• _Work request_
Two lines mark the range in the entries below: the one holding "(forall x, P x -> qfree" and the one holding "have [qa|pa] := boolP". Set down those two and all lines between them, exactly.

• _Study material_
Fixpoint cl_edge (k : nat) : dist edge :=
  if k is k'.+1 then
    dbind vsample (fun x => dbind (cl_edge k') (fun e => dret (x :: e)))
  else dret [::].

Definition simp_edge (k : nat) (E : seq edge) : dist edge :=
  let L := [seq e <- E | (size e != k)%N] in
  if L is [::] then cl_edge k
  else dbind (dunif L) (fun e' =>
         if (size e' < k)%N then dbind (cl_edge (k - size e')) (fun f => dret (e' ++ f))
         else dunif (ksub k e')).

Fixpoint gen (q : R) (S : seq nat) (E : seq edge) : dist (seq edge) :=
  if S is k :: S' then
    dbind (dbern q) (fun X =>
      dbind (if X then simp_edge k E else cl_edge k) (fun e => gen q S' (rcons E e)))
  else dret E.

Definition sizes (kmin kmax : nat) (m : nat -> nat) : seq nat :=
  flatten [seq nseq (m k) k | k <- iota kmin (kmax.+1 - kmin)].

Definition simplicialCL (kmin kmax : nat) (m : nat -> nat) (q : R) : dist (seq edge) :=
  dbind (dunif (permutations (sizes kmin kmax m))) (fun S => gen q S [::]).

End Model.

(* Fix v, let p := d_v / \sum_u d_u, and call excess(e) := mult_e(v) - |e| p the
   excess of an edge e.  Then deg_G(v) = \sum_e excess(e) + p \sum_e |e|, and
   \sum_e |e| = \sum_k k m_k = \sum_u d_u, so it suffices that every edge has mean
   excess 0.  A Chung-Lu edge does, each entry being v with probability p.
   Extending an earlier edge e' by a Chung-Lu edge keeps its mean excess, and a
   uniform k-subsample of e' has mean excess (k / |e'|) excess(e'), since each
   entry of e' lies in a fraction 'C(|e'|-1, k-1) / 'C(|e'|, k) = k / |e'| of
   the subsamples.  So the mean excess of a simplicial edge is a combination of
   the mean excesses of the earlier edges whose coefficients depend only on the
   (deterministic) sequence of sizes, and induction along that sequence shows
   that all mean excesses vanish. *)

From HB Require Import structures.
From mathcomp Require Import all_boot all_order all_algebra.
From mathcomp Require Import ring.
Set Implicit Arguments. Unset Strict Implicit. Unset Printing Implicit Defensive.
Import Order.TTheory GRing.Theory Num.Theory.
Local Open Scope ring_scope.

Section Distributions.
Variable R : realFieldType.
Implicit Types A B C : Type.

Lemma dbind_cat A B (m1 m2 : dist R A) (f : A -> dist R B) :
  dbind (m1 ++ m2) f = dbind m1 f ++ dbind m2 f.
Proof. by rewrite /dbind map_cat flatten_cat. Qed.

Lemma dbind_cons A B x (m : dist R A) (f : A -> dist R B) :
  dbind (x :: m) f = [seq (y.1, x.2 * y.2) | y <- f x.1] ++ dbind m f.
Proof. by []. Qed.

Lemma dbind_dretr A (m : dist R A) : dbind m (@dret R A) = m.
Proof. by elim: m => [|[x w] m IH] //; rewrite dbind_cons IH /= mulr1. Qed.
Definition qfree (u : M) := forall i, qindex i -> mderiv i u = 0.
Definition qaffine (u : M) := forall i, qindex i -> qfree (mderiv i u).

Lemma qfree_mderiv j u : qfree u -> qfree (mderiv j u).
Proof. by move=> hu i hi; rewrite mderiv_comm hu ?mderiv0. Qed.

Lemma qaffine_mderiv j u : qaffine u -> qaffine (mderiv j u).
Proof. by move=> hu i hi; rewrite mderiv_comm; apply/qfree_mderiv/hu. Qed.

Lemma qfree_qaffine u : qfree u -> qaffine u.
Proof. by move=> hu i hi j hj; rewrite hu ?mderiv0. Qed.

Lemma qfreeC c : qfree c%:MP.
Proof. by move=> i _; rewrite mderivC. Qed.

Lemma qfreeZ a u : qfree u -> qfree (a *: u).
Proof. by move=> hu i hi; rewrite mderivZ hu ?scaler0. Qed.

Lemma qfreeM u v : qfree u -> qfree v -> qfree (u * v).
Proof. by move=> hu hv i hi; rewrite mderivM hu ?hv ?mulr0 ?mul0r ?addr0. Qed.

Lemma qaffineM u v : qaffine u -> qfree v -> qaffine (u * v).
Proof.
move=> hu hv i hi; rewrite mderivM [mderiv i v]hv // mulr0 addr0.
by apply: qfreeM => //; apply: hu.
Qed.

Lemma qfree_sum I r (P : pred I) (F : I -> M) :
  (forall x, P x -> qfree (F x)) -> qfree (\sum_(x <- r | P x) F x).
Proof. by move=> hF i hi; rewrite raddf_sum big1 //= => x /hF ->. Qed.

Lemma qaffine_sum I r (P : pred I) (F : I -> M) :
  (forall x, P x -> qaffine (F x)) -> qaffine (\sum_(x <- r | P x) F x).
Proof.
by move=> hF i hi; rewrite raddf_sum /=; apply: qfree_sum => x /hF; apply.
Qed.

Lemma qaffineN u : qaffine u -> qaffine (- u).
Proof. by move=> hu i hi j hj; rewrite !mderivN hu ?oppr0. Qed.

Lemma poisson_qfree u v : qfree u -> qfree v -> poisson u v = 0.
Proof.
move=> hu hv; rewrite /poisson big1 // => a _; rewrite big1 // => b _.
have [qa|pa] := boolP (qindex a); first by rewrite hu // mul0r scaler0.
have [qb|pb] := boolP (qindex b); first by rewrite hv // mulr0 scaler0.
by rewrite Lam_eq0 ?scale0r // -[LHS]/(qindex a) -[RHS]/(qindex b) (negbTE pa) (negbTE pb).
Qed.

Lemma qindex_Lam a b : Lam R a b != 0 -> qindex a = ~~ qindex b.
Proof.
move=> h; apply: contraTeq h; rewrite negbK => h; apply/eqP/Lam_eq0.
by move: h; rewrite /qindex; case: (n <= a)%N; case: (n <= b)%N.
Qed.

Lemma dern_qaffine s u : qaffine u -> qaffine (dern s u).
Proof. by elim: s => [//|x s ih] hu; apply/qaffine_mderiv/ih. Qed.

Lemma dern_qfree s u : qaffine u -> (0 < count qindex s)%N -> qfree (dern s u).
Proof.
elim: s => [//|x s ih] hu /=; have [qx|_] := boolP (qindex x) => /= hs.
  have [hs'|] := posnP (count qindex s); last by move=> /(ih hu)/qfree_mderiv.
  exact: (dern_qaffine s hu).
exact/qfree_mderiv/ih.
Qed.

Lemma dern_eq0 s u : qaffine u -> (1 < count qindex s)%N -> dern s u = 0.
Proof.
elim: s => [//|x s ih] hu /=; have [qx|_] := boolP (qindex x) => /= hs.
  by rewrite (dern_qfree hu).
by rewrite ih ?mderiv0.
Qed.

Lemma Pl_eq0 l u v : qaffine u -> qaffine v -> (2 < l)%N -> Pl l u v = 0.
Proof.
move=> hu hv hl; rewrite /Pl big1 // => f _.
have [/forallP Lam_f|] := boolP [forall s, Lam R (f s).1 (f s).2 != 0]; last first.
  rewrite negb_forall => /existsP[s]; rewrite negbK => /eqP Lam_s.
  by rewrite (bigD1 s) //= Lam_s mul0r scale0r.
set s1 := [seq (f s).1 | s <- enum 'I_l]; set s2 := [seq (f s).2 | s <- enum 'I_l].
have count_s12 : (count qindex s1 + count qindex s2 = l)%N.
  rewrite !count_map
    -[X in (_ + X)%N](eq_count (a1 := predC (preim (fun s => (f s).1) qindex))).
    by rewrite count_predC -enumT size_enum_ord.
  by move=> s /=; rewrite (qindex_Lam (Lam_f s)) negbK.
have [h1|h1] := ltnP 1 (count qindex s1); first by rewrite (dern_eq0 hu h1) mul0r scaler0.
by rewrite (@dern_eq0 s2 v) ?mulr0 ?scaler0 //; lia.
Qed.
(* Let $n=2m$ with $m$ a positive integer, and let $\mathbf{x}_n=(1,\dots,1)\in\mathbb{R}^n$. Then $$E(\mathbf{x}_n)\le m(1+\ln m),$$ where $E$ is as defined in the context.
   Context: For $\mathbf{x}=(x_1,\dots,x_n)\in(0,\infty)^n$, let $\mathcal{C}(\mathbf{x})$ be the configuration of $n+1$ points $P_1<\dots<P_{n+1}$ on $\mathbb{R}$ with $P_1=0$ and $P_{i+1}=P_i+x_i$, where $P_i$ is red if $i$ is odd and blue if $i$ is even. A matching $\mathcal{M}$ of this configuration is produced by the algorithm which repeatedly selects, among all pairs consisting of an unmatched blue point and an unmatched red point, a pair at minimum distance and matches them, until no further matching is possible; ties are broken at random. $D(\mathbf{x})$ is the expected value of $\sum_{P\text{ blue}}|P-\mathcal{M}(P)|$ with respect to the randomness of the algorithm. For a permutation $\pi$ of $\{1,\dots,n\}$ write $\pi(\mathbf{x})=(x_{\pi(1)},\dots,x_{\pi(n)})$, and $E(\mathbf{x})=\frac{1}{n!}\sum_\pi D(\pi(\mathbf{x}))$. *)

From HB Require Import structures.
From mathcomp Require Import all_boot all_order all_algebra all_fingroup.
From mathcomp Require Import all_classical all_reals all_analysis.
Set Implicit Arguments. Unset Strict Implicit. Unset Printing Implicit Defensive.
Import Order.TTheory GRing.Theory Num.Theory.
Local Open Scope ring_scope.

Section Matching.
Variable R : realType.
Variable n : nat.

(* Points P_1 < ... < P_{n+1} are indexed 0-based by k : 'I_n.+1;
   P_{k+1} = x_1 + ... + x_k.  0-based index k is red iff k is even
   (i.e. 1-based index k+1 odd), blue iff k is odd. *)
Definition pos (x : 'I_n -> R) (k : 'I_n.+1) : R :=
  \sum_(i < n | (i < k)%N) x i.

Definition is_blue (k : 'I_n.+1) : bool := odd k.
Definition is_red (k : 'I_n.+1) : bool := ~~ odd k.

Definition pdist (x : 'I_n -> R) (p : 'I_n.+1 * 'I_n.+1) : R :=
  `|pos x p.1 - pos x p.2|.

Definition cand (S : {set 'I_n.+1}) : {set 'I_n.+1 * 'I_n.+1} :=
  [set p | [&& p.1 \in S, p.2 \in S, is_blue p.1 & is_red p.2]].

Definition minpairs (x : 'I_n -> R) (S : {set 'I_n.+1}) :
  {set 'I_n.+1 * 'I_n.+1} :=
  [set p in cand S | [forall q in cand S, pdist x p <= pdist x q]].

(* Expected remaining cost of the greedy algorithm from the set S of
   unmatched points, ties broken uniformly at random; [fuel] bounds the
   number of remaining steps. *)
Fixpoint Dfuel (x : 'I_n -> R) (fuel : nat) (S : {set 'I_n.+1}) : R :=
  match fuel with
  | 0 => 0
  | f.+1 =>
    if #|minpairs x S| == 0%N then 0
    else (#|minpairs x S|%:R)^-1 *
         \sum_(p in minpairs x S) (pdist x p + Dfuel x f (S :\ p.1 :\ p.2))
  end.

(* D(x): each step removes two points, so n.+1 steps always suffice. *)
Definition D (x : 'I_n -> R) : R := Dfuel x n.+1 [set: 'I_n.+1].

Definition E (x : 'I_n -> R) : R :=
  (n`!%:R)^-1 * \sum_(s : 'S_n) D (fun i => x (s i)).

End Matching.

From HB Require Import structures.
From mathcomp Require Import all_boot all_order all_algebra all_fingroup.
From mathcomp Require Import all_classical all_reals all_analysis.
From mathcomp Require Import zify ring lra.
Import Order.TTheory GRing.Theory Num.Theory.
Set Implicit Arguments. Unset Strict Implicit. Unset Printing Implicit Defensive.

(* For the all-ones vector the points are 0, 1, ..., n, and the unmatched
   points stay alternating: every blue has a red on each side of it and a red
   between it and any other blue.  A closest pair is then adjacent, so
   removing it keeps the configuration alternating.  If j blues remain and
   the current minimal distance is d, each blue owns the 2d unit segments
   within distance d of it and no segment has two owners, so 2dj <= n.  The
   greedy step with j blues left thus costs at most n/(2j), whence
   D <= (n/2) H_m = m H_m for n = 2m, and H_m <= 1 + ln m.  All permutations
   of the all-ones vector coincide, so E = D. *)

Lemma interval_le_sum (F : nat -> bool) lo hi N : hi <= N ->
  (forall k, lo <= k < hi -> F k) -> hi - lo <= \sum_(0 <= k < N) F k.
Proof.
move=> hiN Fin; have [le_hilo|lt_lohi] := leqP hi lo.
  by move: le_hilo; rewrite -subn_eq0 => /eqP->.
have loN : lo <= N by rewrite (leq_trans (ltnW lt_lohi)).
apply: (@leq_trans (\sum_(lo <= k < hi) F k)).
  rewrite -[hi - lo]muln1 -sum_nat_const_nat big_nat_cond [X in _ <= X]big_nat_cond.
  by apply: leq_sum => k /andP[/Fin ->].
rewrite (big_cat_nat (leq0n lo) loN) (big_cat_nat (ltnW lt_lohi) hiN) /=.
by rewrite addnCA leq_addr.
Qed.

• _Answer for the task_
  (forall x, P x -> qfree (F x)) -> qfree (\sum_(x <- r | P x) F x).
Proof. by move=> hF i hi; rewrite raddf_sum big1 //= => x /hF ->. Qed.

Lemma qaffine_sum I r (P : pred I) (F : I -> M) :
  (forall x, P x -> qaffine (F x)) -> qaffine (\sum_(x <- r | P x) F x).
Proof.
by move=> hF i hi; rewrite raddf_sum /=; apply: qfree_sum => x /hF; apply.
Qed.

Lemma qaffineN u : qaffine u -> qaffine (- u).
Proof. by move=> hu i hi j hj; rewrite !mderivN hu ?oppr0. Qed.

Lemma poisson_qfree u v : qfree u -> qfree v -> poisson u v = 0.
Proof.
move=> hu hv; rewrite /poisson big1 // => a _; rewrite big1 // => b _.
have [qa|pa] := boolP (qindex a); first by rewrite hu // mul0r scaler0.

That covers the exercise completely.